(What is expected) For the data below, give again exactly the lines from the one containing "by rewrite !add0r [RHS]complexE." through the one containing "rewrite !(mul1mx, mul0mx) scale_col_mx scaler0 !add_col_mx.", both ends included, and no others.
------ Records for the task ------
(* Let $\mathcal{S}\subseteq\mathcal{P}_{fin}(\mathbb{N})$ be an IP set, let $\mathcal{B}\subseteq\mathcal{S}$ be finite, let $r\geq 1$, and let $c:NU(\mathcal{S})\rightarrow[1,r]$ be a coloring. Then at least one of the following holds: (1) there is a finite $\mathcal{D}\subseteq\mathcal{S}-\mathcal{B}$ such that for every $S\in(\mathcal{S}-\mathcal{B})-\mathcal{D}$ there is a $D\in NU(\mathcal{D})$ such that $\mathcal{B}$ does not half-match $D\cup S$; or (2) there is an IP set $\mathcal{T}\subseteq\mathcal{S}-\mathcal{B}$ such that $\mathcal{B}$ half-matches $\mathcal{T}$.
   Context: $\mathcal{P}_{fin}(\mathbb{N})$ is the set of finite subsets of $\mathbb{N}$. For $\mathcal{S}\subseteq\mathcal{P}_{fin}(\mathbb{N})$, $NU(\mathcal{S})$ denotes the set of non-empty sets which are unions of finitely many elements of $\mathcal{S}$. A set $\mathcal{S}\subseteq\mathcal{P}_{fin}(\mathbb{N})$ is an IP set if it is closed under finite unions and contains an infinite family of pairwise disjoint elements. For $B\in\mathcal{S}$, $\mathcal{S}-B:=\{T\in\mathcal{S}: T\cap B=\emptyset\}$, and for $\mathcal{B}\subseteq\mathcal{S}$, $\mathcal{S}-\mathcal{B}:=\bigcap_{B\in\mathcal{B}}(\mathcal{S}-B)$. Relative to a coloring $c$: a family $\mathcal{D}$ half-matches a set $B$ if there is $D\in\mathcal{D}$ with $c(B)=c(D\cup B)$; $\mathcal{D}$ half-matches a family $\mathcal{B}$ if it half-matches every $B\in\mathcal{B}$. *)

(* Finite subsets of N are represented by their characteristic
   functions nat -> bool (with finite support); families of such sets are
   predicates on them. *)
From Stdlib Require Import List Bool Arith.
(* Let $p,r$ be positive integers, $s=p+2r$, and write elements of $\mathbb{R}^{(p+s)\times p}$ as $X=(X_0;X_1;X_2;X_3)$ with blocks $X_0,X_1\in\mathbb{R}^{p\times p}$, $X_2,X_3\in\mathbb{R}^{r\times p}$; set $A=X_0-X_1$, $B=X_0+X_1$, $W=X_2+iX_3$. Let $\hat M$ be an element of the complexification $\mathfrak{so}(p,r)^{\mathbb{C}}$ and define $\hat\Phi:\mathbb{R}^{(p+s)\times p}\to\mathbb{C}^{(p+r)\times p}$ by $\hat\Phi(X)=\binom{A}{W}+\hat M\binom{B}{\bar W}$. Then the complex valued components of $\hat\Phi$ constitute an orthogonal harmonic family on $\mathbb{R}^{(p+s)\times p}$ equipped with the semi-Euclidean metric.
   Context: The semi-Euclidean metric on $\mathbb{R}^{(p+s)\times p}$ is $(X,Y)=\mathrm{trace}(X^tI_{ps}Y)$ with $I_{ps}=\mathrm{diag}(-I_p,I_s)$, i.e. the first $p$ rows (the block $X_0$) are negative. $\mathfrak{so}(p,r)^{\mathbb{C}}=\{M\in\mathbb{C}^{(p+r)\times(p+r)}: M^tI_{pr}+I_{pr}M=0\}$ with $I_{pr}=\mathrm{diag}(-I_p,I_r)$. For a semi-Riemannian manifold $(M,g)$ and complex functions $\phi,\psi$, $\tau(\phi)$ is the Laplace–Beltrami operator (extended complex-linearly) and $\kappa(\phi,\psi)=g(\mathrm{grad}\,\phi,\mathrm{grad}\,\psi)$ with $g$ extended complex-bilinearly. A set $\Omega$ of complex functions is an orthogonal harmonic family if $\tau(\phi)=0$ and $\kappa(\phi,\psi)=0$ for all $\phi,\psi\in\Omega$. *)

From HB Require Import structures.
From mathcomp Require Import all_boot all_order all_algebra.
From mathcomp Require Import complex.
From mathcomp Require Import all_classical all_reals all_analysis.
Set Implicit Arguments.
Unset Strict Implicit.
Unset Printing Implicit Defensive.
Import Order.TTheory GRing.Theory Num.Theory.
Local Open Scope ring_scope.

Section Defs.
Variable R : realType.

Definition pdC (n m : nat) (a : 'I_n) (b : 'I_m) (f : 'M[R]_(n, m) -> R[i])
  : 'M[R]_(n, m) -> R[i] :=
  fun X => (('D_(delta_mx a b) (fun Y => complex.Re (f Y)) X)
           +i* ('D_(delta_mx a b) (fun Y => complex.Im (f Y)) X))%C.

(* semi-Euclidean metric on R^{(p+s) x p}: (X,Y) = trace(X^t I_ps Y),
   I_ps = diag(-I_p, I_s): the coefficient of the coordinate x_{ab} is
   eps a = -1 if a < p, +1 otherwise.  It is diagonal with entries +-1, so
   g^{-1} has the same diagonal. *)
Definition sE_eps (p s : nat) (a : 'I_(p + s)) : R[i] :=
  if (a < p)%N then -1 else 1.

(* Laplace--Beltrami operator of the flat semi-Euclidean metric, extended
   complex-linearly:  tau(f) = sum_{a,b} eps_a d^2 f / d x_{ab}^2 *)
Definition tau (p s : nat) (f : 'M[R]_(p + s, p) -> R[i]) : 'M[R]_(p + s, p) -> R[i] :=
  fun X => \sum_(a < p + s) \sum_(b < p) sE_eps a * pdC a b (pdC a b f) X.

(* kappa(f,g) = g(grad f, grad g), complex bilinear *)
Definition kappa (p s : nat) (f g : 'M[R]_(p + s, p) -> R[i])
  : 'M[R]_(p + s, p) -> R[i] :=
  fun X => \sum_(a < p + s) \sum_(b < p) sE_eps a * (pdC a b f X * pdC a b g X).

Definition orthogonal_harmonic_family (p s : nat) (Omega : (('M[R]_(p + s, p) -> R[i]) -> Prop)) :=
  (forall f, Omega f -> forall X, tau f X = 0) /\
  (forall f g, Omega f -> Omega g -> forall X, kappa f g X = 0).

Definition Ipr (p r : nat) : 'M[R[i]]_(p + r) :=
  block_mx (- 1%:M) 0 0 1%:M.

Definition in_soC (p r : nat) (M : 'M[R[i]]_(p + r)) : Prop :=
  M^T *m Ipr p r + Ipr p r *m M = 0.

(* the map Phi-hat, with s = p + 2r written as p + (r + r) and
   X = (X0; X1; X2; X3) *)
Definition Phihat (p r : nat) (M : 'M[R[i]]_(p + r))
  (X : 'M[R]_(p + (p + (r + r)), p)) : 'M[R[i]]_(p + r, p) :=
  let X0 := usubmx X in
  let X1 := usubmx (dsubmx X) in
  let X2 := usubmx (dsubmx (dsubmx X)) in
  let X3 := dsubmx (dsubmx (dsubmx X)) in
  let A := \matrix_(i < p, j < p) ((X0 i j - X1 i j)%:C)%C in
  let B := \matrix_(i < p, j < p) ((X0 i j + X1 i j)%:C)%C in
  let W := \matrix_(i < r, j < p) (X2 i j +i* X3 i j)%C in
  let Wbar := \matrix_(i < r, j < p) (X2 i j -i* X3 i j)%C in
  col_mx A W + M *m col_mx B Wbar.

End Defs.

(* Phihat is R-linear in X, so every coordinate has constant first partial
   derivatives: its Laplacian vanishes, and for coordinates of X |-> P X
   (P a complex (p+r) x (p+s) matrix) the gradient pairing is the (k, k')
   entry of P I_ps P^T.  Writing Phihat(X) = (J + M K) X, where J and K are
   the coefficient matrices of X |-> (A; W) and X |-> (B; Wbar), one finds
   J I_ps J^T = K I_ps K^T = 0 and J I_ps K^T = K I_ps J^T = 2 I_pr, so that
   (J + M K) I_ps (J + M K)^T = 2 (I_pr M^T + M I_pr)
                              = 2 I_pr (M^T I_pr + I_pr M) I_pr = 0. *)

From HB Require Import structures.
From mathcomp Require Import all_boot all_order all_algebra.
From mathcomp Require Import complex.
From mathcomp Require Import all_classical all_reals all_analysis.
From mathcomp Require Import ring.
Set Implicit Arguments.
Unset Strict Implicit.
Unset Printing Implicit Defensive.
Import Order.TTheory GRing.Theory Num.Theory.
Local Open Scope ring_scope.

Lemma derive_affine_line (R : realType) (V : normedModType R) (F : V -> R)
    (v x : V) (L : R) :
  (forall h : R, F (h *: v + x) = F x + h * L) -> 'D_v F x = L.
Proof.
move=> FE; apply: cvg_lim => // P [e /= e0 sP]; rewrite nbhs_simpl /=.
near=> h; rewrite /= FE addrC addKr /GRing.scale /= mulrA mulVf ?mul1r //.
  by apply: sP; rewrite /ball_ /= subrr normr0.
by near: h; exact: withinT.
Unshelve. all: by end_near.
Qed.

Lemma mulmx_form_expand (K : comNzRingType) m n (J L : 'M[K]_(m, n))
    (E : 'M[K]_n) (M : 'M[K]_m) :
  (J + M *m L) *m E *m (J + M *m L)^T =
  J *m E *m J^T + J *m E *m L^T *m M^T
  + M *m (L *m E *m J^T) + M *m (L *m E *m L^T) *m M^T.
Proof. by rewrite linearD /= trmx_mul !mulmxDl !mulmxDr !mulmxA addrA. Qed.

Definition cplx_mx (R : realType) m n (X : 'M[R]_(m, n)) : 'M[R[i]]_(m, n) :=
  map_mx (real_complex R) X.

Section RealLinear.
Variables (R : realType) (n m : nat).
Local Open Scope complex_scope.

Definition real_linear (f : 'M[R]_(n, m) -> R[i]) :=
  forall (h : R) v x, f (h *: v + x) = h%:C * f v + f x.

Lemma pdC_real_linear f a b X :
  real_linear f -> pdC a b f X = f (delta_mx a b).
Proof.
move=> lin_f; rewrite /pdC.
rewrite (@derive_affine_line _ _ _ _ _ (complex.Re (f (delta_mx a b)))); last first.
  by move=> h; rewrite lin_f; case: (f (delta_mx a b)) (f X) => [? ?] [? ?] /=; ring.
rewrite (@derive_affine_line _ _ _ _ _ (complex.Im (f (delta_mx a b)))); last first.
  by move=> h; rewrite lin_f; case: (f (delta_mx a b)) (f X) => [? ?] [? ?] /=; ring.
by case: (f _).
Qed.

Lemma pdC_cst (c : R[i]) a b (X : 'M[R]_(n, m)) : pdC a b (fun=> c) X = 0.
Proof. by rewrite /pdC !(@derive_affine_line _ _ _ _ _ 0) // => h; ring. Qed.

End RealLinear.

Section LinearFamily.
Variables (R : realType) (p s : nat).
Local Open Scope complex_scope.

Lemma tau_real_linear (f : 'M[R]_(p + s, p) -> R[i]) X :
  real_linear f -> tau f X = 0.
Proof.
move=> lin_f; rewrite /tau big1 // => a _; rewrite big1 // => b _.
have -> : pdC a b f = fun=> f (delta_mx a b).
  by apply: funext => Y; exact: pdC_real_linear.
by rewrite pdC_cst mulr0.
Qed.

Definition mx_coord m (P : 'M[R[i]]_(m, p + s)) k l (X : 'M[R]_(p + s, p)) :=
  (P *m cplx_mx X) k l.

Lemma real_linear_mx_coord m (P : 'M[R[i]]_(m, p + s)) k l :
  real_linear (mx_coord P k l).
Proof.
move=> h v x; rewrite /mx_coord.
have -> : cplx_mx (h *: v + x) = (h%:C) *: cplx_mx v + cplx_mx x.
  by apply/matrixP => i j; rewrite !mxE rmorphD rmorphM.
by rewrite mulmxDr -scalemxAr !mxE.
Qed.

Lemma mx_coord_delta m (P : 'M[R[i]]_(m, p + s)) k l a b :
  mx_coord P k l (delta_mx a b) = P k a * (b == l)%:R.
Proof.
rewrite /mx_coord mxE (bigD1 a) //= big1 => [|j /negbTE ja]; last first.
  by rewrite !mxE ja mulr0.
by rewrite !mxE eqxx /= addr0 eq_sym rmorph_nat.
Qed.

Lemma pdC_mx_coord m (P : 'M[R[i]]_(m, p + s)) k l a b X :
  pdC a b (mx_coord P k l) X = P k a * (b == l)%:R.
Proof. by rewrite pdC_real_linear ?mx_coord_delta //; exact: real_linear_mx_coord. Qed.

Lemma Ipr_diag a a' : Ipr R p s a a' = (a == a')%:R * sE_eps R a.
Proof.
rewrite /Ipr /sE_eps; case: (split_ordP a) => i ->; case: (split_ordP a') => j ->;
  rewrite ?block_mxEul ?block_mxEur ?block_mxEdl ?block_mxEdr !mxE
    ?eq_lshift ?eq_rshift ?eq_lrshift ?eq_rlshift /= ?ltn_ord ?(ltnNge, leq_addr) /=.
- by rewrite mulrN1.
- by rewrite mul0r.
- by rewrite mul0r.
- by rewrite mulr1.
Qed.

Lemma mulmx_Ipr m (P : 'M[R[i]]_(m, p + s)) k a :
  (P *m Ipr R p s) k a = P k a * sE_eps R a.
Proof.
rewrite mxE (bigD1 a) //= big1 => [|j /negbTE ja]; last by rewrite Ipr_diag ja mul0r mulr0.
by rewrite Ipr_diag eqxx mul1r addr0.
Qed.

Lemma Ipr_form m (a a' : 'M[R[i]]_(m, p)) (b b' : 'M[R[i]]_(m, s)) :
  row_mx a b *m Ipr R p s *m (row_mx a' b')^T = - (a *m a'^T) + b *m b'^T.
Proof.
rewrite /Ipr mul_row_block !mulmx0 add0r addr0 mulmxN !mulmx1.
by rewrite tr_row_mx mul_row_col mulNmx.
Qed.

Lemma kappa_mx_coord m (P : 'M[R[i]]_(m, p + s)) k l k' l' X :
  kappa (mx_coord P k l) (mx_coord P k' l') X
  = (l == l')%:R * (P *m Ipr R p s *m P^T) k k'.
Proof.
rewrite /kappa mxE big_distrr /=; apply: eq_bigr => a _.
under eq_bigr do rewrite !pdC_mx_coord.
rewrite mulmx_Ipr mxE (bigD1 l) //= big1 => [|b /negbTE bl]; last first.
  by rewrite bl mulr0 mul0r mulr0.
by rewrite eqxx addr0; case: (l == l') => /=; ring.
Qed.

Lemma orthogonal_harmonic_mx_coord m (P : 'M[R[i]]_(m, p + s)) :
  P *m Ipr R p s *m P^T = 0 ->
  orthogonal_harmonic_family (fun f => exists k l, f = mx_coord P k l).
Proof.
move=> PIP; split.
  by move=> f [k [l ->]] X; exact/tau_real_linear/real_linear_mx_coord.
by move=> f g [k [l ->]] [k' [l' ->]] X; rewrite kappa_mx_coord PIP mxE mulr0.
Qed.

End LinearFamily.

Section PhihatMatrix.
Variables (R : realType) (p r : nat).
Local Open Scope complex_scope.

Let u : 'M[R[i]]_(p + r, p) := col_mx 1%:M 0.
Let v : 'M[R[i]]_(p + r, r) := col_mx 0 1%:M.

Let mulii : 'i * 'i = -1 :> R[i]. Proof. by rewrite -expr2 sqr_i. Qed.

Lemma Ipr_uv : - (u *m u^T) + v *m v^T = Ipr R p r.
Proof.
rewrite /u /v !tr_col_mx !mul_col_row !trmx1 !trmx0 !(mulmx1, mul1mx, mulmx0, mul0mx).
by rewrite opp_block_mx add_block_mx !(oppr0, addr0, add0r).
Qed.

(* Locked: otherwise unification compares the two coefficient matrices entry
   by entry whenever it meets both, which takes minutes. *)
Fact AW_coef_key : unit. Proof. by []. Qed.
Definition AW_coef : 'M[R[i]]_(p + r, p + (p + (r + r))) :=
  locked_with AW_coef_key (row_mx u (row_mx (- u) (row_mx v ('i *: v)))).
Canonical AW_coef_unlockable := [unlockable of AW_coef].

Fact BWbar_coef_key : unit. Proof. by []. Qed.
Definition BWbar_coef : 'M[R[i]]_(p + r, p + (p + (r + r))) :=
  locked_with BWbar_coef_key (row_mx u (row_mx u (row_mx v (- 'i *: v)))).
Canonical BWbar_coef_unlockable := [unlockable of BWbar_coef].

Lemma AW_AW_form : AW_coef *m Ipr R p (p + (r + r)) *m AW_coef^T = 0.
Proof.
rewrite [AW_coef]unlock Ipr_form !tr_row_mx !mul_row_col.
rewrite !linearN !linearZ /= mulNmx opprK -scalemxAl scalerA mulii scaleN1r.
by rewrite !addrA addNr add0r subrr.
Qed.

Lemma BWbar_BWbar_form : BWbar_coef *m Ipr R p (p + (r + r)) *m BWbar_coef^T = 0.
Proof.
rewrite [BWbar_coef]unlock Ipr_form !tr_row_mx !mul_row_col.
rewrite !linearZ /= -scalemxAl scalerA mulrNN mulii scaleN1r.
by rewrite !addrA addNr add0r subrr.
Qed.

Lemma AW_BWbar_form :
  AW_coef *m Ipr R p (p + (r + r)) *m BWbar_coef^T = 2%:R *: Ipr R p r.
Proof.
rewrite [AW_coef]unlock [BWbar_coef]unlock Ipr_form !tr_row_mx !mul_row_col.
rewrite !linearZ /= mulNmx -scalemxAl scalerA mulNr mulii opprK scale1r.
by rewrite -Ipr_uv scaler_nat mulr2n addrA addrACA.
Qed.

Lemma BWbar_AW_form :
  BWbar_coef *m Ipr R p (p + (r + r)) *m AW_coef^T = 2%:R *: Ipr R p r.
Proof.
rewrite [AW_coef]unlock [BWbar_coef]unlock Ipr_form !tr_row_mx !mul_row_col.
rewrite !linearN !linearZ /= -scalemxAl scalerA mulrN mulii opprK scale1r.
by rewrite -Ipr_uv scaler_nat mulr2n addrA addrACA.
Qed.

Lemma Ipr_mulmx_Ipr : Ipr R p r *m Ipr R p r = 1%:M.
Proof.
rewrite /Ipr mulmx_block !(mulmx0, mul0mx, addr0, add0r) mulmxN mulNmx opprK !mulmx1.
by rewrite -scalar_mx_block.
Qed.

Lemma in_soC_Ipr (M : 'M[R[i]]_(p + r)) :
  in_soC M -> Ipr R p r *m M^T + M *m Ipr R p r = 0.
Proof.
move=> soM; have := congr1 (fun N => Ipr R p r *m N *m Ipr R p r) soM.
rewrite /= mulmx0 mul0mx mulmxDr mulmxDl !mulmxA Ipr_mulmx_Ipr mul1mx.
by rewrite -[_ *m M^T *m _ *m _]mulmxA Ipr_mulmx_Ipr mulmx1.
Qed.

Definition Phihat_coef (M : 'M[R[i]]_(p + r)) : 'M[R[i]]_(p + r, p + (p + (r + r))) :=
  AW_coef + M *m BWbar_coef.

Lemma Phihat_coef_form (M : 'M[R[i]]_(p + r)) :
  in_soC M -> Phihat_coef M *m Ipr R p (p + (r + r)) *m (Phihat_coef M)^T = 0.
Proof.
move=> soM; rewrite mulmx_form_expand.
rewrite AW_AW_form BWbar_BWbar_form AW_BWbar_form BWbar_AW_form mulmx0 mul0mx add0r addr0.
by rewrite -scalemxAl -scalemxAr -scalerDr in_soC_Ipr ?scaler0.
Qed.

Lemma AW_coef_cplx (X0 X1 : 'M[R]_p) (X2 X3 : 'M[R]_(r, p)) :
  AW_coef *m cplx_mx (col_mx X0 (col_mx X1 (col_mx X2 X3))) =
  col_mx (\matrix_(i < p, j < p) (X0 i j - X1 i j)%:C)
         (\matrix_(i < r, j < p) (X2 i j +i* X3 i j)).
Proof.
rewrite /cplx_mx !map_col_mx [AW_coef]unlock !mul_row_col mulNmx -scalemxAl !mul_col_mx.
rewrite !(mul1mx, mul0mx) scale_col_mx scaler0 opp_col_mx oppr0 !add_col_mx.
congr col_mx; apply/matrixP => i j; rewrite !mxE.
  by rewrite !addr0 rmorphB.
by rewrite !add0r [RHS]complexE.
Qed.

Lemma BWbar_coef_cplx (X0 X1 : 'M[R]_p) (X2 X3 : 'M[R]_(r, p)) :
  BWbar_coef *m cplx_mx (col_mx X0 (col_mx X1 (col_mx X2 X3))) =
  col_mx (\matrix_(i < p, j < p) (X0 i j + X1 i j)%:C)
         (\matrix_(i < r, j < p) (X2 i j -i* X3 i j)).
Proof.
rewrite /cplx_mx !map_col_mx [BWbar_coef]unlock !mul_row_col -scalemxAl !mul_col_mx.
rewrite !(mul1mx, mul0mx) scale_col_mx scaler0 !add_col_mx.
congr col_mx; apply/matrixP => i j; rewrite !mxE.
  by rewrite !addr0 rmorphD.
by rewrite !add0r [RHS]complexE /= rmorphN mulrN mulNr.
Qed.

Lemma Phihat_mx_coord (M : 'M[R[i]]_(p + r)) X k l :
  Phihat M X k l = mx_coord (Phihat_coef M) k l X.
Proof.
rewrite /Phihat /mx_coord /Phihat_coef mulmxDl -mulmxA.
set X0 := usubmx X; set X1 := usubmx (dsubmx X).
set X2 := usubmx (dsubmx (dsubmx X)); set X3 := dsubmx (dsubmx (dsubmx X)).
have -> : X = col_mx X0 (col_mx X1 (col_mx X2 X3)) by rewrite !vsubmxK.
by rewrite AW_coef_cplx BWbar_coef_cplx.
Qed.

End PhihatMatrix.

Theorem proposition5p1 (R : realType) (p r : nat) (hp : (0 < p)%N) (hr : (0 < r)%N)
  (M : 'M[R[i]]_(p + r)) (hM : in_soC M) :
  orthogonal_harmonic_family
    (fun f : 'M[R]_(p + (p + (r + r)), p) -> R[i] =>
       exists (k : 'I_(p + r)) (l : 'I_p), f = (fun X => Phihat M X k l)).
Proof.
have Phihat_coord k l : (fun X => Phihat M X k l) = mx_coord (Phihat_coef M) k l.
  by apply: funext => X; exact: Phihat_mx_coord.
have -> : (fun f => exists k l, f = fun X => Phihat M X k l) =
          (fun f => exists k l, f = mx_coord (Phihat_coef M) k l).
  by apply: funext => f; under eq_exists do under eq_exists do rewrite Phihat_coord.
exact/orthogonal_harmonic_mx_coord/Phihat_coef_form.
Qed.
------
(Result)
by rewrite !add0r [RHS]complexE.
Qed.

Lemma BWbar_coef_cplx (X0 X1 : 'M[R]_p) (X2 X3 : 'M[R]_(r, p)) :
  BWbar_coef *m cplx_mx (col_mx X0 (col_mx X1 (col_mx X2 X3))) =
  col_mx (\matrix_(i < p, j < p) (X0 i j + X1 i j)%:C)
         (\matrix_(i < r, j < p) (X2 i j -i* X3 i j)).
Proof.
rewrite /cplx_mx !map_col_mx [BWbar_coef]unlock !mul_row_col -scalemxAl !mul_col_mx.
rewrite !(mul1mx, mul0mx) scale_col_mx scaler0 !add_col_mx.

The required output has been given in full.